Emerson Miller/Paramount+

The only female character with any real complexity is Stacy, and this is less because the writing gives her agency (repeatedly, her actions are receptive rather than active) and more because Pfeiffer’s performance is messy and captivating, fleshing out the supported source material.

In one scene, she sits on the porch talking to her oldest daughter, excited because she has a “very small window to be reckless” and make decisions that feed her heart instead of her head. This is the most interesting line of the show. How does grief change one’s priorities?
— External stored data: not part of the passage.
(* For every integer $t \ge 4$, there exists a doubly saturated $R(4,t)$-good graph on $6t-11$ vertices.
   Context: All graphs are finite and simple. For integers $s,t$, a graph $G$ is \emph{$R(s,t)$-good} if $G$ contains no clique of size $s$ and no independent set of size $t$. A graph $G$ is \emph{doubly saturated $R(s,t)$-good} if (i) $G$ is $R(s,t)$-good; (ii) for every pair of non-adjacent distinct vertices $u,v$, the graph $G + uv$ is not $R(s,t)$-good; (iii) for every edge $uv$ of $G$, the graph $G - uv$ is not $R(s,t)$-good; and (iv) $G$ is neither a complete graph nor an edgeless graph (equivalently, neither $G$ nor its complement $\overline{G}$ is complete). *)

From mathcomp Require Import all_boot.
Set Implicit Arguments. Unset Strict Implicit. Unset Printing Implicit Defensive.

Definition simple_graph (T : finType) (e : rel T) : Prop :=
  irreflexive e /\ symmetric e.

Definition is_clique (T : finType) (e : rel T) (S : {set T}) : Prop :=
  forall x y, x \in S -> y \in S -> x != y -> e x y.

Definition is_indep (T : finType) (e : rel T) (S : {set T}) : Prop :=
  forall x y, x \in S -> y \in S -> x != y -> ~~ e x y.

Definition Rgood (T : finType) (s t : nat) (e : rel T) : Prop :=
  (forall S : {set T}, #|S| = s -> ~ is_clique e S) /\
  (forall S : {set T}, #|S| = t -> ~ is_indep e S).

Definition add_edge (T : finType) (e : rel T) (u v : T) : rel T :=
  fun x y => e x y || ((x == u) && (y == v)) || ((x == v) && (y == u)).
Definition del_edge (T : finType) (e : rel T) (u v : T) : rel T :=
  fun x y => e x y && ~~ (((x == u) && (y == v)) || ((x == v) && (y == u))).

Definition doubly_saturated (T : finType) (s t : nat) (e : rel T) : Prop :=
  [/\ Rgood s t e,
      (forall u v, u != v -> ~~ e u v -> ~ Rgood s t (add_edge e u v)),
      (forall u v, e u v -> ~ Rgood s t (del_edge e u v)),
      (exists u v, u != v /\ ~~ e u v) &
      (* complement of G is not complete, i.e. G has an edge *)
      (exists u v, e u v)].

From mathcomp Require Import all_boot order zify.
Set Implicit Arguments. Unset Strict Implicit. Unset Printing Implicit Defensive.

(* With t = m + 2, the graph is the circulant graph on Z/(6m+1) whose edges join
   vertices at circular distance m or at a distance in [2m+1, 3m].  An independent set lies in a window of 2m+1 consecutive residues
   containing no two at distance m; the classes {z, z+m} (z < m) and {2m} then bound
   its size by m+1.  By vertex-transitivity it suffices to saturate the pairs
   {b, b+d}: for a non-edge an explicit K4 through b and b+d appears, and for an
   edge an explicit independent set of size m+2 containing b and b+d. *)

Lemma eq_is_clique (T : finType) (e e' : rel T) (S : {set T}) :
  e =2 e' -> is_clique e S -> is_clique e' S.
Proof. by move=> ee' K x y xS yS xy; rewrite -ee'; apply: K. Qed.

Lemma eq_is_indep (T : finType) (e e' : rel T) (S : {set T}) :
  e =2 e' -> is_indep e S -> is_indep e' S.
Proof. by move=> ee' I x y xS yS xy; rewrite -ee'; apply: I. Qed.

Lemma add_edgeC (T : finType) (e : rel T) u v : add_edge e u v =2 add_edge e v u.
Proof. by move=> x y; rewrite /add_edge orbAC. Qed.

Lemma del_edgeC (T : finType) (e : rel T) u v : del_edge e u v =2 del_edge e v u.
Proof. by move=> x y; rewrite /del_edge orbC. Qed.

Lemma add_edge_sym (T : finType) (e : rel T) u v :
  symmetric e -> symmetric (add_edge e u v).
Proof.
by move=> e_sym x y; rewrite /add_edge e_sym (andbC (x == u)) (andbC (x == v)) orbAC.
Qed.

Lemma del_edge_sym (T : finType) (e : rel T) u v :
  symmetric e -> symmetric (del_edge e u v).
Proof.
by move=> e_sym x y; rewrite /del_edge e_sym (andbC (x == u)) (andbC (x == v)) orbC.
Qed.

Lemma clique_ltn n (e : rel 'I_n) (S : {set 'I_n}) x y :
  is_clique e S -> x \in S -> y \in S -> x < y -> e x y.
Proof. by move=> K xS yS xy; apply: K => //; rewrite neq_ltn xy. Qed.

Lemma indep_ltn n (e : rel 'I_n) (S : {set 'I_n}) x y :
  is_indep e S -> x \in S -> y \in S -> x < y -> ~~ e x y.
Proof. by move=> I xS yS xy; apply: I => //; rewrite neq_ltn xy. Qed.

Lemma card4_increasing n (S : {set 'I_n}) : #|S| = 4 ->
  exists a b c d, [/\ [/\ a \in S, b \in S, c \in S & d \in S], a < b, b < c & c < d].
Proof.
move=> S4; have: sorted <%O (sort <=%O (enum S)).
  by rewrite Order.TotalTheory.sort_lt_sorted enum_uniq.
have: {subset sort <=%O (enum S) <= S} by move=> x; rewrite mem_sort mem_enum.
have: size (sort <=%O (enum S)) = 4 by rewrite size_sort -cardE.
case: (sort <=%O (enum S)) => [|a [|b [|c [|d [|? ?]]]]] //= _ sS /and4P[ab bc cd _].
by exists a, b, c, d; split; rewrite ?sS ?inE ?eqxx ?orbT.
Qed.

Lemma card_le_window_gap (T : finType) (A : {set T}) (f : T -> nat) m :
  {in A, forall x, f x <= 2 * m} -> {in A &, injective f} ->
  {in A &, forall x y, f x + m != f y} -> #|A| <= m.+1.
Proof.
move=> f_le f_inj f_gap.
pose cls z := if z < m then z else if z < 2 * m then z - m else m.
have cls_lt z : cls z < m.+1 by rewrite /cls; do ?case: ifP; lia.
pose c x : 'I_m.+1 := inord (cls (f x)).
have c_inj : {in A &, injective c}.
  move=> x y xA yA /(congr1 (@nat_of_ord _)); rewrite /c !inordK // => E; apply: f_inj => //.
  have := f_le x xA; have := f_le y yA; have := f_gap x y xA yA; have := f_gap y x yA xA.
  by move: E; rewrite /cls; do ?case: ifP; lia.
by rewrite -(card_in_imset c_inj) (leq_trans (max_card _)) ?card_ord.
Qed.

Section Circulant.

Variables (N : nat) (ok : nat -> bool).

Definition circulant : rel 'I_N :=
  fun x y : 'I_N => ((x < y) && ok (y - x)) || ((y < x) && ok (x - y)).

Lemma circulant_sym : symmetric circulant.
Proof. by move=> x y; rewrite /circulant orbC. Qed.

Lemma circulant_irr : irreflexive circulant.
Proof. by move=> x; rewrite /circulant ltnn. Qed.

Lemma circulant_lt (x y : 'I_N) : x < y -> circulant x y = ok (y - x).
Proof. by move=> xy; rewrite /circulant xy ltnNge (ltnW xy) orbF. Qed.

Hypothesis N_gt0 : 0 < N.

Definition rot (b : 'I_N) (k : nat) : 'I_N := Ordinal (ltn_pmod (b + k) N_gt0).

Definition offset (b x : 'I_N) : nat := if b <= x then x - b else x + N - b.

Lemma rot_val (b : 'I_N) k : k < N ->
  (b + k < N /\ rot b k = b + k :> nat) \/ (N <= b + k /\ rot b k + N = b + k :> nat).
Proof.
move=> kN /=; have bN := ltn_ord b.
have [bk|bk] := ltnP (b + k) N; [left | right]; split=> //; first exact: modn_small.
have {1}-> : b + k = b + k - N + N by rewrite subnK.
by rewrite modnDr modn_small; lia.
Qed.

Lemma rot0 (b : 'I_N) : rot b 0 = b.
Proof. by apply: val_inj; rewrite /= addn0 modn_small. Qed.

Lemma rot_inj (b : 'I_N) i j : i < N -> j < N -> rot b i = rot b j -> i = j.
Proof.
by move=> iN jN /(congr1 (@nat_of_ord _)); have := rot_val b iN; have := rot_val b jN; lia.
Qed.

Lemma offset_val (b x : 'I_N) :
  (b <= x /\ offset b x = x - b) \/ (x < b /\ offset b x = x + N - b).
Proof. by rewrite /offset; case: leqP; [left | right]. Qed.

Lemma offset_lt (b x : 'I_N) : offset b x < N.
Proof. by have := offset_val b x; have := ltn_ord b; have := ltn_ord x; lia. Qed.

Lemma rot_offset (b x : 'I_N) : rot b (offset b x) = x.
Proof.
apply: ord_inj; have := rot_val b (offset_lt b x); have := offset_val b x.
by have := ltn_ord b; have := ltn_ord x; lia.
Qed.

Lemma rot_pair (u v : 'I_N) : u != v -> exists b d,
  [/\ 0 < d, 2 * d <= N & (u = b /\ v = rot b d) \/ (v = b /\ u = rot b d)].
Proof.
move=> uv; have d_gt0 : 0 < offset u v.
  by rewrite lt0n; apply: contraNneq uv => d0; rewrite -[v](rot_offset u) d0 rot0.
have d_lt := offset_lt u v.
have [small|large] := leqP (2 * offset u v) N.
  by exists u, (offset u v); split=> //; left; rewrite rot_offset.
have dN : N - offset u v < N by lia.
exists v, (N - offset u v); split; [lia | lia | right; split=> //].
apply: ord_inj; have := rot_val v dN; have := offset_val u v.
by have := ltn_ord u; have := ltn_ord v; lia.
Qed.

Hypothesis ok_sym : forall d, 0 < d < N -> ok (N - d) = ok d.

Lemma circulant_rot (b : 'I_N) i j : i < j < N -> circulant (rot b i) (rot b j) = ok (j - i).
Proof.
case/andP=> ij jN; have iN := ltn_trans ij jN.
have [[_ Ei]|[wi Ei]] := rot_val b iN; have [[wj Ej]|[wj Ej]] := rot_val b jN.
- by rewrite circulant_lt; [have -> : rot b j - rot b i = j - i by lia | lia].
- rewrite circulant_sym circulant_lt; last by lia.
  by rewrite -(@ok_sym (j - i)); [have -> : rot b i - rot b j = N - (j - i) by lia | lia].
- by lia.
- by rewrite circulant_lt; [have -> : rot b j - rot b i = j - i by lia | lia].
Qed.

Lemma circulant_rot0 (b : 'I_N) d : 0 < d < N -> circulant b (rot b d) = ok d.
Proof. by move=> dN; rewrite -{1}(rot0 b) circulant_rot ?subn0. Qed.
How is absence transformed into presence and a force that moves you to create meaning in your life instead of one that consumes you?

Stacy’s examination of these issues and the way she navigates them with her daughters is what makes the story interesting, but it’s not enough to make it feel like a balanced show. Instead, the first season, which takes place over the course of about a week but lacks the realism to make this period ring true, feels like a prologue to a larger story waiting to be told in which Stacy and her daughters become real people.

Because “The Madison” has already been renewed for a second season, it is being given the opportunity to tell that story. The question is whether the show can use this space to correct its shortcomings and give its female characters more agency to discover who they can become both on Madison Avenue and along the Madison River.

“The Madison” is streaming on Paramount+. The first three episodes are available. Episodes 4-6 will air on March 21.